I should point out for those not familiar with computer design, that clock speed is a handy but not always accurate means of guaging speed. Newer processors have more computing power for various other reasons besides clock speeds. Another measure of CPU power is the number of transistors in the chip. The Pentium 4 has 40 times the number of transistors that the 80486 had, and its databus bandwidth is 32/64 bit compared to the 8/16 (external/internal) bit bandwidth of the 8088 used in the original IBM PCs. More databus bandwidth equates to more data to be able to be processed with each clock cycle. Then there are other methods such as pipelining and caching of instructions/data.

All that is a complicated way of saying that, using raw MIPS (millions of instructions per second) a 2 gHz Pentium is actually over 3000 times faster than a 2 mHz 8088, instead of the 1000 times that the clock speed would suggest - and MIPS is a very raw measurement, there are others that would more accurately show a much greater increase in processing power and speed as today's processors can do a bit more with each instruction than the earlier processor could do.

So, my estimate that in 20 years computers will be a thousand times faster/more powerful is a bit conservative.
 
A laboratory test quantum computer (5 molecules) solved a quadratic equation in 7 operations. This same solution took 1000 operations on a state of the art super computer.

Ishmael
 
Re: Re: Re: Re: Your predictions, technology wise, for the next couple of decades

Weird Harold said:
Finally, I think your estimate of $100 is way too high. If Cell phones and calculators can be used as predictors, computers with ten times the capabilities of today's will be FREE -- with a service commitment to an ISP.
Quite possibly true. Today's cell phones aren't free (they actually cost almost as much as a cheap computer) - they are just subsidized by giving them away with a sevice contract. Ten years ago I worked for a company that "gave away" computers and software as part of a service contract that committed the buyer to buying so many million immunoassays for testing blood for pathogens.

As I have always told people - the money is in the software and the services. With Open Source software, the money is in the services. Not every software product can be Open Source as not every software product needs consulting services. There is a big difference between giving away Linux, Apache or JBOSS, and making money on setting it up or consulting, and writing a small utility such as an HTML editor.
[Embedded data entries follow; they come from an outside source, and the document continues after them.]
Lemma mixture_near x : `|mixture x - g x| <= delta.
Proof.
pose y : point := [ffun i => x i].
have E_y : E y = E x by congr E; apply: funext => i; rewrite ffunE.
have fail_mass : \sum_(u : pattern | ~~ u y) pmass u <= delta.
  have := measure_E x; rewrite -E_y (_ : E y = [set w | success_pattern w y]); last first.
    by apply/funext => w; rewrite /= ffunE asboolE.
  rewrite (measure_preimage_pred P measurable_success_fiber (fun u : pattern => u y)) lee_fin.
  have := sum_pmass P measurable_success_fiber.
  by rewrite (bigID (fun u : pattern => u y)) /=; lra.
have -> : mixture x - g x = \sum_(u : pattern | ~~ u y) pmass u * (pattern_output u x - g x).
  rewrite /mixture -[in LHS](mul1r (g x)) -(sum_pmass P measurable_success_fiber) mulr_suml.
  rewrite -sumrB (bigID (fun u : pattern => u y)) /= big1 ?add0r => [|u uy].
    by apply: eq_bigr => u _; rewrite mulrBr.
  have [->|[w wu ->]] := pattern_outputP u; first by rewrite !mul0r subrr.
  by rewrite -mulrBr q_on_E ?subrr ?mulr0 // -E_y; move: uy; rewrite -wu ffunE => /asboolP.
apply: le_trans (ler_norm_sum _ _ _) (le_trans _ fail_mass); apply: ler_sum => u _.
rewrite normrM ger0_norm ?pmass_ge0 //; have [->|[w _ ->]] := pattern_outputP u.
  by rewrite mul0r.
by rewrite ler_piMr ?pmass_ge0 ?q_near_g.
Qed.

Lemma low_deg_poly_near : exists p : {mpoly R[N]},
  (msize p <= D.+1)%N /\ forall x : cube, `|p.@[fun i => (x i)%:R] - g x| <= delta.
Proof.
have [p [size_p eval_p]] := deg_le_mixture.
by exists p; split=> // x; rewrite eval_p; exact: mixture_near.
Qed.

End Derandomization.

Lemma dist_natr_bool (R : numDomainType) (a b : bool) : `|a%:R - b%:R| <= 1 :> R.
Proof.
by case: a; case: b; rewrite /= ?mulr1n ?mulr0n ?subrr ?subr0 ?sub0r ?normrN ?normr1 ?normr0.
Qed.

Theorem theorem3p4 (R : realType) (N : nat) (g : ('I_N -> bool) -> bool)
    (S nR : nat) (d : measure_display) (Omega : measurableType d)
    (P : probability Omega R) (alg : Omega -> det_alg) :
  rand_alg_rounds alg nR ->
  rand_computes P S alg g (3^-1 : R) ->
  approx_deg_le R g (S ^ (2 * nR)).
Proof.
move=> [size_alg _] [alg_valid correct].
pose answer w (x : 'I_N -> bool) : R := (final_dds S (alg w) x ANSWER == [:: 1%N])%:R.
have answer_correct x w : outputs S (alg w) x (g x) -> answer w x = (g x)%:R.
  by move=> /(_ ANSWER) out_ANSWER; rewrite /answer out_ANSWER; case: (g x).
have [p [size_p near_p]] := low_deg_poly_near (P := P) (q := answer)
  (E := fun x => [set w | outputs S (alg w) x (g x)]%classic)
  (fun w => @deg_le_answer R N S (alg w) nR (alg_valid w) (size_alg w))
  (fun x => (correct x).1) (fun x => (correct x).2) answer_correct
  (fun x w => dist_natr_bool _ _ _).
by exists p.
Qed.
People are not going to pay you $50-100 per hour to help them with an HTML editor even if it is free to start with.

But the money is in software/services - hardware will increasingly become a commodity. Besides, it is software that really makes the computer smart. We will probably soon see the day when the computer is free, but you pay $400 for the basic software suite that comes with it. I believe people are kind of doing that now - they just aren't aware of it.

Some people may say "oh, I will just download free software", but it isn't quite that easy, especially when setting it up.
 
Ishmael said:
A laboratory test quantum computer (5 molecules) solved a quadratic equation in 7 operations. This same solution took 1000 operations on a state of the art super computer.

Ishmael
Yep, and the quantum computers are not just the only tech on the horizon - there are also molecular computers and biological computers too. One or more of these techs, possibly a combination of them, will make computers much faster in the future. It is possible that in 20 years computers won't be just 1000 times faster and more powerful, but a million or even a billion times faster and more powerful. We will probably see leaps of technology on the order of several magnitudes from time to time. Just as when we went from analog and tubes to solid state and digital, then from discrete components to integrated circuits.